TypeScript で書いている方には、先に伝えておきたいことがあります。@expo/config-plugins の型定義では、ManifestApplication に property というフィールドがありません。meta-data と activity はあるのに、property だけが抜けています。実行時は xml2js がそのまま要素にしてくれるので動きますが、型の上では自分で拡張するか、その一行だけキャストを入れる必要があります。
meta-data で書くと、何も言わずに通ります
ここが、この作業でいちばん危ないところだと感じました。
@expo/config-plugins には addMetaDataItemToMainApplication という便利な関数があります。マニフェストに項目を足す関数を探すと、まずこれが見つかります。プロパティ名を渡せば、それらしく通ります。
通りますが、出力は <property> ではありません。
<property android:name="android.window.PROPERTY_COMPAT_ALLOW_RESTRICTED_RESIZABILITY" android:value="true"/>
<meta-data android:name="android.window.PROPERTY_COMPAT_ALLOW_RESTRICTED_RESIZABILITY" android:value="true"/>
上が正しい書き方、下が addMetaDataItemToMainApplication を使った場合です。手元で両方を1つのマニフェストに出力して並べたものが、この2行です。
Android は <property> と <meta-data> を別のものとして扱います。プロパティとして読ませたい値を <meta-data> に書いても、ビルドは成功し、警告も出ず、実機でも例外は起きません。ただ効かないだけです。
設定の書き間違いが無言で通る種類のものは、後から原因を探すのに時間がかかります。私はこの手の「エラーにならない失敗」に何度か時間を溶かしてきたので、今回はプロパティを足した直後に、生成されたマニフェストを目で見て確認する手順を挟みました。
# prebuild 後に、実際に property として出ているかを確認する
npx expo prebuild --platform android --no-install
grep -n "PROPERTY_COMPAT_ALLOW_RESTRICTED_RESIZABILITY" \
android/app/src/main/AndroidManifest.xml
出力行の要素名が <property で始まっていれば正解です。<meta-data で始まっていたら、書き方を間違えています。
期限と、私がどこで線を引いたか
整理すると、今週の判断材料は3つあります。
- 対象は大画面だけです。 スマートフォンしか想定していないアプリなら、8月31日の期限そのものとは切り離して考えられます。ただし「想定していない」と「大画面で表示されない」は別です。タブレットにも配信しているなら対象です。
- オプトアウトは向きのロックを戻しません。 プロパティを足しても、タブレットでは横向きになります。横で崩れる画面があるなら、結局そこを直す必要があります。
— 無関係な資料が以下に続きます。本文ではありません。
(* A strongly regular graph with parameters $(76,30,8,14)$ does not contain $K_5$ (complete graph on $5$ vertices) as a subgraph.
   Context: A graph is strongly regular with parameters $(v,k,\lambda,\mu)$ if it has $v$ vertices, is $k$-regular, adjacent vertices have exactly $\lambda$ common neighbours and distinct non-adjacent vertices have exactly $\mu$ common neighbours. *)

From mathcomp Require Import all_boot.
Set Implicit Arguments. Unset Strict Implicit. Unset Printing Implicit Defensive.

Definition simple_graph (T : finType) (e : rel T) : Prop :=
  symmetric e /\ irreflexive e.

Definition srg (T : finType) (e : rel T) (v k lam mu : nat) : Prop :=
  [/\ simple_graph e,
      #|T| = v,
      (forall x : T, #|[set y | e x y]| = k),
      (forall x y : T, e x y -> #|[set z | e x z && e y z]| = lam)
    & (forall x y : T, x != y -> ~~ e x y -> #|[set z | e x z && e y z]| = mu)].

Definition contains_clique (T : finType) (e : rel T) (n : nat) : Prop :=
  exists f : 'I_n -> T, injective f /\ (forall i j : 'I_n, i != j -> e (f i) (f j)).

(* Let D x be the number of neighbours of x in a clique S of size n. Double
   counting gives sum D = n k and sum D^2 = n k + n (n - 1) lambda. As
   (D - 1)(D - 2) >= 0 for every integer D, and D = n - 1 on S itself,
   3 n k + n (n - 2)(n - 3) <= n k + n (n - 1) lambda + 2 v. For n = 5 and
   (v, k, lambda) = (76, 30, 8) this reads 330 <= 312. *)
From mathcomp Require Import all_boot.
From mathcomp Require Import zify.

Set Implicit Arguments.
Unset Strict Implicit.
Unset Printing Implicit Defensive.

Section CliqueCounting.
Variables (T : finType) (e : rel T).

Definition clique_deg (S : {set T}) (x : T) : nat := #|[set s in S | e s x]|.

Lemma card_set_sum (A : {pred T}) (P : pred T) :
  #|[set y in A | P y]| = \sum_(y in A) P y.
Proof.
rewrite -sum1_card big_mkcond [RHS]big_mkcond /=; apply: eq_bigr => y _.
by rewrite !inE; case: (y \in A); case: (P y).
Qed.

Lemma sum_clique_deg (S : {set T}) :
  \sum_x clique_deg S x = \sum_(s in S) #|[set y | e s y]|.
Proof.
rewrite /clique_deg; under eq_bigr do rewrite card_set_sum.
rewrite exchange_big /=; apply: eq_bigr => s _.
by rewrite -(card_set_sum predT).
Qed.

Lemma sum_sqr_clique_deg (S : {set T}) :
  \sum_x clique_deg S x ^ 2 =
  \sum_(s in S) \sum_(t in S) #|[set z | e s z && e t z]|.
Proof.
rewrite /clique_deg; under eq_bigr do rewrite card_set_sum -mulnn big_distrlr /=.
rewrite exchange_big /=; apply: eq_bigr => s _.
rewrite exchange_big /=; apply: eq_bigr => t _.
by under eq_bigr do rewrite mulnb; rewrite -(card_set_sum predT).
Qed.

Variables (k lam : nat) (S : {set T}).
Hypothesis e_irr : irreflexive e.
Hypothesis e_regular : forall x, #|[set y | e x y]| = k.
Hypothesis e_lambda : forall x y, e x y -> #|[set z | e x z && e y z]| = lam.
Hypothesis S_clique : {in S &, forall s t, s != t -> e s t}.

Lemma sum_clique_deg_regular : \sum_x clique_deg S x = #|S| * k.
Proof.
by rewrite sum_clique_deg (eq_bigr _ (fun s _ => e_regular s)) sum_nat_const.
Qed.

Lemma sum_sqr_clique_deg_regular :
  \sum_x clique_deg S x ^ 2 = #|S| * (k + #|S|.-1 * lam).
Proof.
rewrite sum_sqr_clique_deg -sum_nat_const; apply: eq_bigr => s sS.
rewrite (bigD1 s) //=; congr (_ + _).
  by rewrite -(e_regular s); apply: eq_card => z; rewrite !inE andbb.
rewrite (cardsD1 s S) sS add1n succnK -sum_nat_const.
apply: eq_big => [t | t /andP[tS ts]]; first by rewrite !inE andbC.
by rewrite e_lambda // S_clique // eq_sym.
Qed.

Lemma clique_deg_clique s : s \in S -> clique_deg S s = #|S|.-1.
Proof.
move=> sS; rewrite /clique_deg (cardsD1 s S) sS add1n succnK; apply: eq_card => t.
rewrite !inE; case: (eqVneq t s) => [-> | ts]; first by rewrite e_irr andbF.
by apply/andP/idP => [[] // | tS]; split; last exact: S_clique.
Qed.

Lemma clique_counting_bound :
  3 * (#|S| * k) + #|S| * ((#|S| - 2) * (#|S| - 3))
    <= #|S| * (k + #|S|.-1 * lam) + 2 * #|T|.
Proof.
have pointwise d : 3 * d + (d - 1) * (d - 2) <= d ^ 2 + 2.
  by case: d => [|[|d]] //; rewrite -mulnn; nia.
have on_clique : #|S| * ((#|S| - 2) * (#|S| - 3))
    <= \sum_x (clique_deg S x - 1) * (clique_deg S x - 2).
  rewrite -sum_nat_const [X in _ <= X](bigID (mem S)) /=.
  apply: (leq_trans _ (leq_addr _ _)).
  by apply/eq_leq/eq_bigr => s sS; rewrite clique_deg_clique // -subn1 -!subnDA.
rewrite -sum_clique_deg_regular -sum_sqr_clique_deg_regular.
have -> : 2 * #|T| = \sum_(x : T) 2 by rewrite sum_nat_const mulnC.
apply: leq_trans (leq_add (leqnn _) on_clique) _.
by rewrite big_distrr -!big_split /=; apply: leq_sum => x _; exact: pointwise.
Qed.

End CliqueCounting.

Theorem mainTheorem8 (T : finType) (e : rel T) :
  srg e 76 30 8 14 -> ~ contains_clique e 5.
Proof.
case=> [[_ e_irr] card_T e_regular e_lambda _] [f [f_inj f_clique]].
pose S := f @: [set: 'I_5].
have card_S : #|S| = 5 by rewrite card_imset // cardsT card_ord.
have S_clique : {in S &, forall s t, s != t -> e s t}.
  move=> _ _ /imsetP[i _ ->] /imsetP[j _ ->] fij.
  by apply: f_clique; apply: contraNneq fij => ->.
by have := clique_counting_bound e_irr e_regular e_lambda S_clique; rewrite card_S card_T.
Qed.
- 猶予は1年です。 API 37 でオプトアウトが消えたあとは、選択肢そのものがなくなります。
私は、横向きで実際に壊れる画面だけを先に直し、プロパティは入れないという線にしました。壁紙の一覧はグリッドなので、列数を画面幅から決めるように変えれば済みます。詳細画面のほうは、画像に最大幅を与えるだけで収まりました。
修正量が読めない状態で 8月31日を迎えそうなら、判断は変わります。この場合はプロパティを入れて期限を通し、次の更新でレイアウトを直すほうが安全です。ただしそのときも、向きは横になるという前提で提出前の確認をしてください。
targetSdkVersion を 36 に上げる作業そのものでつまずいている場合は、targetSdkVersion 36 を通すまでに直した3か所のほうが先に必要になるはずです。期限の意味そのものについては、更新を出す人と出さない人で意味が違う話にまとめてあります。
まとめ
まず、この記事の検査スクリプトを手元のプロジェクトルートで一度走らせてみてください。portrait と出るなら対象です。そこから先の判断は、横向きで壊れる画面が何枚あるかを数えてから決めるのが確実だと思います。
私自身、エミュレータを横に倒すまでこの変更を自分ごとと思っていませんでした。同じ順序で気づく方が減れば嬉しく思います。お読みいただきありがとうございました。